▶ **WHAT YOU ARE ASKED TO DO**: Scan the entries below. Return every line that includes "andbT".

Stored data
☆ ☆ ☆ ☆
(* For every positive integer $m$ and every complex number $\alpha \neq 0$, $$\sum_{k=1}^m \left[ {m \atop k} \right] k^\alpha = \sum_{j=1}^m j!\, S(\alpha, j) \left[ {m+1 \atop j+1} \right].$$
   Context: For a complex number $\alpha \neq 0$ and a positive integer $k$, the Stirling function of the second kind is $$S(\alpha, k) = \frac{1}{k!} \sum_{j=1}^k (-1)^{k-j} \binom{k}{j} j^\alpha,$$ where for a positive integer $j$, $j^\alpha = e^{\alpha \ln j}$ with $\ln j$ the real logarithm. For nonnegative integers $n,k$, $\left[ {n \atop k} \right]$ denotes the unsigned Stirling number of the first kind, i.e. the number of permutations of an $n$-element set with exactly $k$ cycles; equivalently $x(x+1)\cdots(x+n-1) = \sum_{k=0}^n \left[ {n \atop k} \right] x^k$. *)

From mathcomp Require Import all_boot all_fingroup.
From Stdlib Require Import Reals.

(* unsigned Stirling number of the first kind: number of permutations of an
   n-element set with exactly k cycles (cycles = orbits, fixed points included) *)
Definition stirling1 (n k : nat) : nat :=
  #|[set s : {perm 'I_n} | #|porbits s| == k]|.

Open Scope R_scope.

Record Cx : Type := mkC { Re : R ; Im : R }.

Definition C0 : Cx := mkC 0 0.
Definition Cadd (z w : Cx) : Cx := mkC (Re z + Re w) (Im z + Im w).
Definition Cmul (z w : Cx) : Cx :=
  mkC (Re z * Re w - Im z * Im w) (Re z * Im w + Im z * Re w).
Definition Cscal (r : R) (z : Cx) : Cx := mkC (r * Re z) (r * Im z).

(* sum_{i=1}^{n} f i *)
Fixpoint Csum1 (n : nat) (f : nat -> Cx) : Cx :=
  match n with
  | O => C0
  | S n' => Cadd (Csum1 n' f) (f n)
  end.

(* j^alpha := e^{alpha ln j} for a positive integer j, ln the real logarithm:
   e^{(a+ib) l} = e^{a l} (cos (b l) + i sin (b l)) *)
Definition Cnatpow (j : nat) (alpha : Cx) : Cx :=
  let l := ln (INR j) in
  mkC (exp (Re alpha * l) * cos (Im alpha * l))
      (exp (Re alpha * l) * sin (Im alpha * l)).

Definition stirling2f (alpha : Cx) (k : nat) : Cx :=
  Cscal (/ INR (k`!)%nat)
    (Csum1 k (fun j => Cscal (pow (-1) (k - j)%nat * INR 'C(k, j)) (Cnatpow j alpha))).

From mathcomp Require Import all_boot all_fingroup.
From Stdlib Require Import Reals Lra.

(* The identity  sum_k [m,k] k^alpha = sum_j j! S(alpha,j) [m+1,j+1]  is
   linear in the values F(k) = k^alpha: both sides are real-linear
   combinations of F(1), ..., F(m), so it suffices to compare coefficients.
   Expanding  j! S(alpha,j) = sum_i (-1)^(j-i) C(j,i) F(i),  the coefficient
   of F(i) on the right is  sum_j (-1)^(j+i) C(j,i) [m+1,j+1], and the heart of
   the proof is the Stirling-number identity

     sum_(j <= m) (-1)^(j+i) C(j,i) [m+1,j+1] = [m,i],

   proved by induction on m from the recurrence
   [n+1,k+1] = [n,k] + n [n,k+1]. *)

Set Implicit Arguments.
Unset Strict Implicit.
Unset Printing Implicit Defensive.

Section PermutationCycles.

Local Open Scope group_scope.

Lemma porbit_fixpoint (T : finType) (s : {perm T}) x :
  s x = x -> porbit s x = [set x].
Proof.
move=> sx; have sXx i : (s ^+ i) x = x.
  by elim: i => [|i IHi]; rewrite ?expg0 ?perm1 // expgSr permM IHi.
apply/setP=> y; rewrite inE; apply/porbitP/eqP => [[i ->] // | ->].
by exists 0%nat; rewrite expg0 perm1.
Qed.

Section InsertFixedPoint.

(* The permutations of 'I_n.+1 fixing the last point [x] are exactly the
   extensions [lift_perm x x t] of the permutations [t] of 'I_n, and such an
   extension has one cycle more than [t], namely [[set x]]. *)
Variable n : nat.
Let x : 'I_n.+1 := ord_max.

Lemma lift_perm_expg (t : 'S_n) i k :
  (lift_perm x x t ^+ i) (lift x k) = lift x ((t ^+ i) k).
Proof.
elim: i => [|i IHi]; first by rewrite !expg0 !perm1.
by rewrite !expgSr !permM IHi lift_perm_lift.
Qed.

Lemma porbit_lift_perm (t : 'S_n) k :
  porbit (lift_perm x x t) (lift x k) = lift x @: porbit t k.
Proof.
apply/setP=> y; apply/porbitP/imsetP => [[i ->] | [z /porbitP[i ->] ->]].
  by exists ((t ^+ i) k); rewrite ?mem_porbit ?lift_perm_expg.
by exists i; rewrite lift_perm_expg.
Qed.

Lemma porbits_lift_perm (t : 'S_n) :
  porbits (lift_perm x x t) = [set x] |: [set lift x @: A | A : {set 'I_n} in porbits t].
Proof.
have fix_x : lift_perm x x t x = x by rewrite lift_perm_id.
apply/setP=> B; rewrite !inE; apply/imsetP/idP => [[y _ ->] | ].
  case: (unliftP x y) => [k|] ->; last by rewrite porbit_fixpoint ?eqxx.
  by rewrite porbit_lift_perm imset_f ?orbT ?imset_f.
case/orP=> [/eqP -> | /imsetP[_ /imsetP[k _ ->] ->]].
  by exists x; rewrite ?porbit_fixpoint.
by exists (lift x k); rewrite ?porbit_lift_perm.
Qed.

Lemma card_porbits_lift_perm (t : 'S_n) :
  #|porbits (lift_perm x x t)| = #|porbits t|.+1.
Proof.
rewrite porbits_lift_perm cardsU1 card_imset; last first.
  by apply: imset_inj; apply: lift_inj.
suff -> : [set x] \notin [set lift x @: A | A : {set 'I_n} in porbits t] by [].
apply/imsetP => [[A _ xA]].
have /imsetP[z _ /eqP] : x \in lift x @: A by rewrite -xA set11.
by rewrite (negbTE (neq_lift x z)).
Qed.

Lemma lift_perm_inj : injective (lift_perm x x : 'S_n -> 'S_n.+1).
Proof.
move=> s t st; apply/permP=> k; apply: (@lift_inj _ x).
by rewrite -!(@lift_perm_lift _ x x) st.
Qed.

Lemma lift_perm_onto (s : 'S_n.+1) : s x = x -> exists t, s = lift_perm x x t.
Proof.
move=> sx; have s_lift k : {j | s (lift x k) = lift x j}.
  case: (unliftP x (s (lift x k))) => [j|] E; first by exists j.
  by move: (neq_lift x k); rewrite (perm_inj (etrans E (esym sx))) eqxx.
pose f k := sval (s_lift k).
have fE k : lift x (f k) = s (lift x k) by rewrite (svalP (s_lift k)).
have f_inj : injective f.
  by move=> a b fab; apply: (@lift_inj _ x); apply: (@perm_inj _ s); rewrite -!fE fab.
exists (perm f_inj); apply/permP=> y; case: (unliftP x y) => [k|] ->.
  by rewrite lift_perm_lift permE fE.
by rewrite lift_perm_id.
Qed.

Lemma card_fixing_perms k :
  #|[set s : 'S_n.+1 | (#|porbits s| == k) && (s x == x)]| =
  #|[set t : 'S_n | #|porbits t|.+1 == k]|.
Proof.
rewrite -(card_imset _ lift_perm_inj); apply: eq_card => s; rewrite !inE.
apply/andP/imsetP => [[/eqP <- /eqP /lift_perm_onto[t ->]] | [t]].
  by exists t; rewrite // inE card_porbits_lift_perm.
by rewrite inE => /eqP <- ->; rewrite card_porbits_lift_perm lift_perm_id.
Qed.

End InsertFixedPoint.
(* A permutation not fixing [x] is obtained in exactly one way from a
   permutation [s] fixing [x] and a point [y != x], as [tperm x y * s]: this
   splices [x] into the cycle of [y], merging two cycles into one. *)
Section SpliceFixedPoint.

Variables (T : finType) (x : T).

Lemma card_porbits_tperm_fixpoint (s : {perm T}) y :
  s x = x -> y != x -> #|porbits (tperm x y * s)|.+1 = #|porbits s|.
Proof.
move=> sx yx; have := porbits_mul_tperm s x y.
rewrite porbit_sym porbit_fixpoint // inE yx eq_sym yx /=.
by rewrite addn1 addn2 => -[].
Qed.

Lemma card_nonfixing_perms k :
  #|[set s : {perm T} | (#|porbits s| == k) && (s x != x)]| =
  (#|[set s : {perm T} | (#|porbits s| == k.+1) && (s x == x)]| * #|T|.-1)%nat.
Proof.
pose merge (p : {perm T} * T) := tperm x p.2 * p.1.
rewrite -(cardsC1 x) -cardsX -(card_in_imset (f := merge)).
  apply: eq_card => s; rewrite !inE; apply/andP/imsetP => [[/eqP ck sx] | ].
    pose y := s^-1 x; have sy : s y = x by rewrite permKV.
    have yx : y != x by apply: contra sx => /eqP yx; rewrite -{1}yx sy.
    have s1x : (tperm x y * s) x = x by rewrite permM tpermL.
    exists (tperm x y * s, y); last by rewrite /merge mulgA tperm2 mul1g.
    rewrite !inE yx s1x eqxx andbT /= -ck.
    by rewrite andbT -(card_porbits_tperm_fixpoint s1x yx) mulgA tperm2 mul1g.
  case=> -[s1 y]; rewrite !inE /= => /andP[/andP[/eqP c1 /eqP s1x] yx] ->.
  rewrite /merge /=; split.
    by rewrite -eqSS (card_porbits_tperm_fixpoint s1x yx) c1.
  by rewrite permM tpermL -[X in _ != X]s1x (inj_eq perm_inj).
move=> [s1 y] [t1 z]; rewrite !inE /= => /andP[/andP[_ /eqP s1x] _].
move=> /andP[/andP[_ /eqP t1x] _]; rewrite /merge /= => st.
have yz : y = z.
  by apply: (@perm_inj _ (tperm x y * s1)); rewrite {2}st !permM !tpermR s1x t1x.
by rewrite -yz in st *; rewrite (mulgI _ _ _ st).
Qed.

End SpliceFixedPoint.

End PermutationCycles.

Lemma stirling1_0n k : stirling1 0 k = (k == 0%nat).
Proof.
have no_cycles (s : 'S_0) : #|porbits s| = 0%nat.
  by apply/eqP; rewrite cards_eq0; apply/eqP/setP => A; rewrite inE;
    apply/imsetP => -[[]].
case: k => [|k]; last by apply/eqP; rewrite cards_eq0; apply/eqP/setP => s;
  rewrite !inE no_cycles.
rewrite /= -[1%nat]/(0`!) -card_Sn -cardsT; apply: eq_card => s.
by rewrite !inE no_cycles.
Qed.

Lemma stirling1_n0 n : stirling1 n.+1 0 = 0%nat.
Proof.
apply/eqP; rewrite cards_eq0; apply/eqP/setP => s; rewrite !inE cards_eq0.
by apply/set0Pn; exists (porbit s ord0); apply: imset_f.
Qed.

Lemma stirling1_rec n k :
  stirling1 n.+1 k.+1 = (stirling1 n k + n * stirling1 n k.+1)%nat.
Proof.
have fixing j : #|[set s : 'S_n.+1 |
    (#|porbits s| == j.+1) && (s ord_max == ord_max)]| = stirling1 n j.
  by rewrite card_fixing_perms; apply: eq_card => t; rewrite !inE eqSS.
rewrite {1}/stirling1 -(cardsID [set s : 'S_n.+1 | s ord_max == ord_max]).
congr (_ + _)%nat; first by rewrite -fixing; apply: eq_card => s; rewrite !inE.
transitivity #|[set s : 'S_n.+1 | (#|porbits s| == k.+1) && (s ord_max != ord_max)]|.
  by apply: eq_card => s; rewrite !inE andbC.
by rewrite card_nonfixing_perms fixing card_ord mulnC.
Qed.

Lemma stirling1_gt n k : (n < k)%nat -> stirling1 n k = 0%nat.
Proof.
elim: n k => [|n IHn] [|k] //; first by rewrite stirling1_0n.
by rewrite ltnS stirling1_rec => ltnk; rewrite !IHn ?muln0 // ltnW.
Qed.

Open Scope R_scope.

(* [rsum n f] is the real sum f 0 + ... + f (n - 1). *)
Fixpoint rsum (n : nat) (f : nat -> R) : R :=
  if n is n'.+1 then rsum n' f + f n' else 0.

Lemma rsumS (n : nat) (f : nat -> R) : rsum n.+1 f = rsum n f + f n.
Proof. by []. Qed.

Lemma rsum_ext (n : nat) (f g : nat -> R) :
  (forall i, (i < n)%nat -> f i = g i) -> rsum n f = rsum n g.
Proof.
elim: n => [|n IHn] //= fg; rewrite fg // IHn // => i lt_in.
by rewrite fg // ltnW.
Qed.

Lemma rsum_add (n : nat) (f g : nat -> R) :
  rsum n (fun i => f i + g i) = rsum n f + rsum n g.
Proof. by elim: n => [|n /= ->]; rewrite /=; lra. Qed.

Lemma rsum_scal (n : nat) (c : R) (f : nat -> R) :
  rsum n (fun i => c * f i) = c * rsum n f.
Proof. by elim: n => [|n /= ->]; rewrite /=; lra. Qed.

Lemma rsum_first (n : nat) (f : nat -> R) :
  rsum n.+1 f = f 0%nat + rsum n (fun i => f i.+1).
Proof. by elim: n => [|n /= ->]; rewrite /=; lra. Qed.

Lemma rsum_swap (n m : nat) (h : nat -> nat -> R) :
  rsum n (fun i => rsum m (h i)) = rsum m (fun j => rsum n (h^~ j)).
Proof.
elim: n => [|n /= ->]; last by rewrite -rsum_add.
by elim: m => [|m /= <-]; rewrite /=; lra.
Qed.

Lemma rsum_widen (n m : nat) (f : nat -> R) : (n <= m)%nat ->
  (forall i, (n <= i < m)%nat -> f i = 0) -> rsum n f = rsum m f.
Proof.
move=> /subnKC <-; elim: (m - n)%nat => [|d IHd] f0; first by rewrite addn0.
have f0' i : (n <= i < n + d)%nat -> f i = 0.
  by case/andP=> ni lt_id; rewrite f0 // ni addnS ltnW.
by rewrite addnS /= -(IHd f0') f0 ?Rplus_0_r // leq_addr addnS ltnSn.
Qed.

Lemma neg1_pow_sub (i j : nat) :
  (i <= j)%nat -> (-1) ^ (j - i) = (-1) ^ (j + i).
Proof.
move=> /subnK {2}<-; rewrite -addnA addnn -mul2n -plusE -multE.
by rewrite pow_add pow_1_even Rmult_1_r.
Qed.

Notation stirR n k := (INR (stirling1 n k)).

Lemma stirling1_recR n k :
  stirR n.+1 k.+1 = stirR n k + INR n * stirR n k.+1.
Proof. by rewrite stirling1_rec plus_INR mult_INR. Qed.

Lemma stirling1_binomial_sum m i :
  rsum m.+1 (fun j => (-1) ^ (j + i) * INR 'C(j, i) * stirR m.+1 j.+1) = stirR m i.
Proof.
elim: m i => [|m IHm] i.
  by rewrite /= stirling1_recR; case: i => [|i]; rewrite !stirling1_0n ?bin0n /=; lra.
rewrite (@rsum_ext _ _ (fun j => (-1) ^ (j + i) * INR 'C(j, i) * stirR m.+1 j +
   INR m.+1 * ((-1) ^ (j + i) * INR 'C(j, i) * stirR m.+1 j.+1))); last first.
  by move=> j _; rewrite stirling1_recR; ring.
rewrite rsum_add rsum_scal [rsum m.+2 (fun j => _ * stirR m.+1 j.+1)]rsumS.
rewrite IHm (stirling1_gt (ltnSn _)) rsum_first stirling1_n0.
case: i => [|i].
  rewrite (@rsum_ext _ _
      (fun j => -1 * ((-1) ^ (j + 0) * INR 'C(j, 0) * stirR m.+1 j.+1))).
    rewrite rsum_scal IHm; case: m {IHm} => [|m]; rewrite ?stirling1_n0 /=; lra.
  by move=> j _; rewrite !bin0 /=; ring.
rewrite (@rsum_ext _ _
    (fun j => -1 * ((-1) ^ (j + i.+1) * INR 'C(j, i.+1) * stirR m.+1 j.+1)
              + (-1) ^ (j + i) * INR 'C(j, i) * stirR m.+1 j.+1)).
  by rewrite rsum_add rsum_scal !IHm stirling1_recR S_INR /=; ring.
by move=> j _; rewrite binS plus_INR addSn addnS /=; ring.
Qed.

(* For any F, the combination sum_k [m,k] F(k) equals
   sum_j [m+1,j+1] (sum_i (-1)^(j-i) C(j,i) F(i)), all indices running over
   1..m; the inner sums are j! S(alpha,j) when F(k) = k^alpha. *)
Lemma stirling1_inversion m (F : nat -> R) :
  rsum m (fun k => stirR m k.+1 * F k.+1) =
  rsum m (fun j => stirR m.+1 j.+2 *
    rsum j.+1 (fun i => (-1) ^ (j.+1 - i.+1) * INR 'C(j.+1, i.+1) * F i.+1)).
Proof.
pose c j i := (-1) ^ (j.+1 + i.+1) * INR 'C(j.+1, i.+1) * stirR m.+1 j.+2.
have widen j : (j < m)%nat ->
    stirR m.+1 j.+2 *
      rsum j.+1 (fun i => (-1) ^ (j.+1 - i.+1) * INR 'C(j.+1, i.+1) * F i.+1)
    = rsum m (fun i => F i.+1 * c j i).
  move=> lt_jm; rewrite -rsum_scal; apply: etrans (rsum_widen lt_jm _).
    apply: rsum_ext => i lt_ij; rewrite neg1_pow_sub /c //; ring.
  by move=> i /andP[lt_ji _]; rewrite /c bin_small ?ltnS //=; ring.
rewrite (rsum_ext widen) rsum_swap; apply: rsum_ext => i _.
have := stirling1_binomial_sum m i.+1.
rewrite rsum_first bin0n /= Rmult_0_r Rmult_0_l Rplus_0_l => <-.
by rewrite rsum_scal Rmult_comm.
Qed.

(* Real-linear forms on complex numbers; real and imaginary parts are the
   two we need, and together they determine a complex number. *)
Record real_linear (p : Cx -> R) : Prop := RealLinear {
  linear0 : p C0 = 0;
  linearD : forall z w, p (Cadd z w) = p z + p w;
  linearZ : forall r z, p (Cscal r z) = r * p z }.

Lemma Re_linear : real_linear Re. Proof. by []. Qed.
Lemma Im_linear : real_linear Im. Proof. by []. Qed.

Lemma Cx_eq_linear (z w : Cx) :
  (forall p, real_linear p -> p z = p w) -> z = w.
Proof.
move=> zw; have := zw _ Re_linear; have := zw _ Im_linear.
by case: z w {zw} => [a b] [c d] /= -> ->.
Qed.

Section RealLinearForm.

Variables (p : Cx -> R) (p_lin : real_linear p).

Lemma linear_Csum1 n f : p (Csum1 n f) = rsum n (fun i => p (f i.+1)).
Proof. by elim: n => [|n /= <-]; rewrite ?linear0 ?linearD. Qed.

Lemma linear_stirling2f alpha j :
  INR j`! * p (stirling2f alpha j) =
  rsum j (fun i => (-1) ^ (j - i.+1) * INR 'C(j, i.+1) * p (Cnatpow i.+1 alpha)).
Proof.
have fact_neq0 : INR j`! <> 0 by apply/not_0_INR/eqP; rewrite -lt0n fact_gt0.
rewrite /stirling2f linearZ // -Rmult_assoc Rinv_r // Rmult_1_l linear_Csum1.
by apply: rsum_ext => i _; rewrite linearZ.
Qed.

End RealLinearForm.

Theorem proposition3 (m : nat) (alpha : Cx) :
  (0 < m)%nat -> alpha <> C0 ->
  Csum1 m (fun k => Cscal (INR (stirling1 m k)) (Cnatpow k alpha)) =
  Csum1 m (fun j => Cscal (INR (j`!)%nat * INR (stirling1 m.+1 j.+1))
                          (stirling2f alpha j)).
Proof.
move=> _ _; apply: Cx_eq_linear => p p_lin; rewrite !(linear_Csum1 p_lin).
rewrite (@rsum_ext _ _ (fun k => stirR m k.+1 * p (Cnatpow k.+1 alpha))); last first.
  by move=> k _; rewrite (linearZ p_lin).
rewrite (stirling1_inversion m (fun k => p (Cnatpow k alpha))); apply: rsum_ext => j _.
rewrite (linearZ p_lin) -(linear_stirling2f p_lin); ring.
Qed.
☆ ☆ ☆ ☆
▶ **ANSWER BOX**:
    rewrite !inE yx s1x eqxx andbT /= -ck.
    by rewrite andbT -(card_porbits_tperm_fixpoint s1x yx) mulgA tperm2 mul1g.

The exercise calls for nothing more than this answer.